## Work request
Across the entries, how many lines have the string "last" in them? Reply with only a number.

## Records provided
Lemma abs_erw_G_le t N n L : (0 < n <= N)%N ->
  ~~ exceeds L (sqr_over_size R j) (steps X N t) ->
  `|erw_G X n t j| <= Num.sqrt (n%:R * L).
Proof.
move=> /andP [n_gt0 le_nN] /hasPn below.
have below_k k : (k <= N)%N -> erw_S X k t j ^+ 2 <= L * k%:R.
  move=> le_kN; have := below k; rewrite mem_iota size_steps add0n ltnS le_kN => /(_ isT).
  rewrite -leNgt steps_take // /sqr_over_size size_steps -erw_S_steps.
  have [->|k_gt0] := posnP k; first by rewrite /erw_S big_ord0 expr0n mulr0.
  by rewrite ler_pdivrMr ?ltr0n.
have L_ge0 : 0 <= L.
  have := below_k 1%N (leq_trans n_gt0 le_nN); rewrite mulr1; apply: le_trans.
  exact: sqr_ge0.
have S_le k : (k <= n)%N -> `|erw_S X k t j| <= Num.sqrt (n%:R * L).
  move=> le_kn; rewrite -sqrtr_sqr ler_sqrt ?mulr_ge0 // mulrC.
  by apply: le_trans (below_k k (leq_trans le_kn le_nN)) _; rewrite ler_wpM2l ?ler_nat.
rewrite /erw_G normrM ger0_norm ?invr_ge0 // ler_pdivrMl ?ltr0n //.
apply: le_trans (ler_norm_sum _ _ _) _.
apply: le_trans (_ : \sum_(1 <= k < n.+1) Num.sqrt (n%:R * L) <= _).
  by apply: ler_sum_nat => k /andP [_ le_kn]; apply: S_le.
by rewrite sumr_const_nat subSS subn0 -[_ *+ n]mulr_natl.
Qed.

End PathwiseBound.

Lemma increasing_cover (f : nat -> nat) m0 n : {homo f : a b / (a < b)%N} ->
  (f m0 <= n)%N -> exists2 m, (m0 <= m)%N & (f m <= n < f m.+1)%N.
Proof.
move=> f_incr le_fn.
have f_ge m : (m <= f m)%N.
  by elim: m => // m IHm; apply: leq_ltn_trans IHm (f_incr _ _ _).
have ex_m : exists m, ((m0 <= m) && (f m <= n))%N by exists m0; rewrite leqnn.
have bound m : ((m0 <= m) && (f m <= n) -> m <= n)%N.
  by case/andP => _; apply: leq_trans (f_ge m).
case: (ex_maxnP ex_m bound) => m /andP [le_m0m le_fm] max_m.
exists m => //; rewrite le_fm ltnNge; apply/negP => le_fSm.
by have := max_m m.+1; rewrite (leq_trans le_m0m) // le_fSm ltnn => /(_ isT).
Qed.

Lemma block_increasing : {homo block : a b / (a < b)%N}.
Proof. by move=> a b lt_ab; rewrite /block ltn_exp2l // ltn_exp2l. Qed.

Lemma block_gt1 m : (1 < block m)%N.
Proof. by rewrite /block -{1}(expn0 2) ltn_exp2l // expn_gt0. Qed.

Lemma ln2_ge_half (R : realType) : 1 <= 2 * ln (2 : R).
Proof.
have := expR_ge1Dx (- ln (2 : R)); rewrite expRN lnK ?posrE //.
lra.
Qed.

(* From l_m <= 10 * 8^m and log N_m = 4^m log 2 >= 4^m / 2. *)
Lemma sqrt_threshold_div_ln_block_sqr_le (R : realType) m :
  (Num.sqrt (threshold R m) / ln (block m)%:R) ^+ 2 <= 40 / (2 ^ m)%:R.
Proof.
have ln_block : ln (block m)%:R = ln (2 : R) * (2 ^ m)%:R ^+ 2.
  by rewrite /block natrX lnXn // -[_ *+ _]mulr_natr -natrX -expnM mulnC expnM.
have threshold_eq : threshold R m = 2 * (2 ^ m)%:R * (4 * (2 ^ m)%:R ^+ 2 + 1).
  by rewrite /threshold natrM -natr1 !expnS !natrM -natrX -expnM mulnC expnM; ring.
have a_ge1 : 1 <= (2 ^ m)%:R :> R by rewrite ler1n expn_gt0.
have l_ge := ln2_ge_half R.
rewrite expr_div_n sqr_sqrtr ?ler0n // ln_block threshold_eq.
set a := (2 ^ m)%:R in a_ge1 *; set l := ln 2 in l_ge *.
have a_gt0 : 0 < a by lra.
rewrite ler_pdivrMr ?exprn_gt0 ?mulr_gt0 //; last lra.
rewrite (_ : 40 / a * _ = 40 * l ^+ 2 * a ^+ 3); last by field; rewrite gt_eqF.
have : 10 * a ^+ 3 <= 40 * l ^+ 2 * a ^+ 3.
  by apply: ler_wpM2r; [rewrite exprn_ge0 ?ltW | nra].
suff : 2 * a * (4 * a ^+ 2 + 1) <= 10 * a ^+ 3 by lra.
nra.
Qed.

Lemma sqrt_threshold_div_ln_block_cvg0 (R : realType) :
  (fun m => Num.sqrt (threshold R m) / ln (block m)%:R) @ \oo --> 0.
Proof.
apply/cvgr0Pnorm_le => e e_gt0.
have [K K_gt] : exists K : nat, 40 / e ^+ 2 < K%:R.
  by exists (Num.bound (40 / e ^+ 2)); apply: archi_boundP; rewrite divr_ge0 ?sqr_ge0.
exists K => // m /= le_Km.
have ratio_ge0 : 0 <= Num.sqrt (threshold R m) / ln (block m)%:R.
  by rewrite divr_ge0 ?sqrtr_ge0 ?ln_ge0 // ler1n (ltnW (block_gt1 m)).
rewrite ger0_norm // -ler_sqr ?nnegrE ?(ltW e_gt0) //.
apply: le_trans (sqrt_threshold_div_ln_block_sqr_le R m) _.
rewrite ler_pdivrMr ?ltr0n ?expn_gt0 //; apply: ltW.
apply: lt_le_trans (_ : K%:R * e ^+ 2 <= _).
  by rewrite -ltr_pdivrMr ?exprn_gt0.
rewrite mulrC; apply: ler_wpM2l; first exact: sqr_ge0.
by rewrite ler_nat (leq_trans le_Km) // ltnW // ltn_expl.
Qed.

Section ScaledBarycenter.
Variables (T : Type) (R : realType) (d : nat) (X : nat -> T -> dir d) (j : 'I_d) (t : T).

Lemma scaled_erw_G_le m n : (block m <= n < block m.+1)%N ->
  ~~ exceeds (threshold R m) (sqr_over_size R j) (steps X (block m.+1) t) ->
  `|(Num.sqrt n%:R * ln n%:R)^-1 * erw_G X n t j|
    <= Num.sqrt (threshold R m) / ln (block m)%:R.
Proof.
move=> /andP [le_bn lt_nb] below.
have n_gt1 : (1 < n)%N := leq_trans (block_gt1 m) le_bn.
have sqrt_n_gt0 : 0 < Num.sqrt n%:R :> R by rewrite sqrtr_gt0 ltr0n ltnW.
have ln_b_gt0 : 0 < ln (block m)%:R :> R by rewrite ln_gt0 // ltr1n block_gt1.
have ln_b_le : ln (block m)%:R <= ln n%:R :> R.
  by rewrite ler_ln ?posrE ?ltr0n ?ler_nat ?(ltnW n_gt1) ?(ltnW (block_gt1 m)).
have : `|erw_G X n t j| <= Num.sqrt (n%:R * threshold R m).
  by apply: abs_erw_G_le below; rewrite (ltnW n_gt1) ltnW.
rewrite sqrtrM ?ler0n // => G_le.
have ln_n_gt0 := lt_le_trans ln_b_gt0 ln_b_le.
have A_gt0 := mulr_gt0 sqrt_n_gt0 ln_n_gt0.
rewrite normrM normfV (gtr0_norm A_gt0) mulrC ler_pdivrMr //.
apply: le_trans G_le _.
set sn := Num.sqrt _; set r := Num.sqrt _; set lb := ln _; set ln_n := ln _.
suff -> : r / lb * (sn * ln_n) = sn * r * (ln_n / lb).
  by rewrite ler_peMr ?mulr_ge0 ?sqrtr_ge0 // ler_pdivlMr // mul1r.
by ring.
Qed.

Lemma scaled_erw_G_cvg0 :
  (\forall m \near \oo,
    ~~ exceeds (threshold R m) (sqr_over_size R j) (steps X (block m.+1) t)) ->
  (fun n => (Num.sqrt n%:R * ln n%:R)^-1 * erw_G X n t j) @ \oo --> (0 : R).
Proof.
move=> below; apply/cvgr0Pnorm_le => e e_gt0.
move/cvgr0Pnorm_le: (@sqrt_threshold_div_ln_block_cvg0 R) => /(_ e e_gt0) ratio_ev.
have [m0 _ good] := filterI below ratio_ev; exists (block m0) => // n /= le_bn.
have [m le_m0m n_in] := increasing_cover block_increasing le_bn.
have [below_m ratio_le] := good m le_m0m.
apply: le_trans (scaled_erw_G_le n_in below_m) _.
by apply: le_trans ratio_le; rewrite ler_norm.
Qed.

End ScaledBarycenter.

Theorem theorem2p4 (dT : measure_display) (T : measurableType dT)
  (R : realType) (P : probability T R) (d : nat) (X : nat -> T -> dir d) :
  (0 < d)%N ->
  is_ERW P (p_crit (R:=R) d) X ->
  {ae P, forall t, forall j : 'I_d,
     (fun n : nat => (Num.sqrt n%:R * ln n%:R)^-1 * erw_G X n t j) @ \oo --> (0 : R)}.
Proof.
move=> d_gt0 X_erw; pose x0 : dir d := (Ordinal d_gt0, true).
apply: filter_forall => j.
apply: filterS (ae_below_threshold d_gt0 X_erw x0 j) => t.
exact: scaled_erw_G_cvg0.
Qed.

## Output for this exercise
2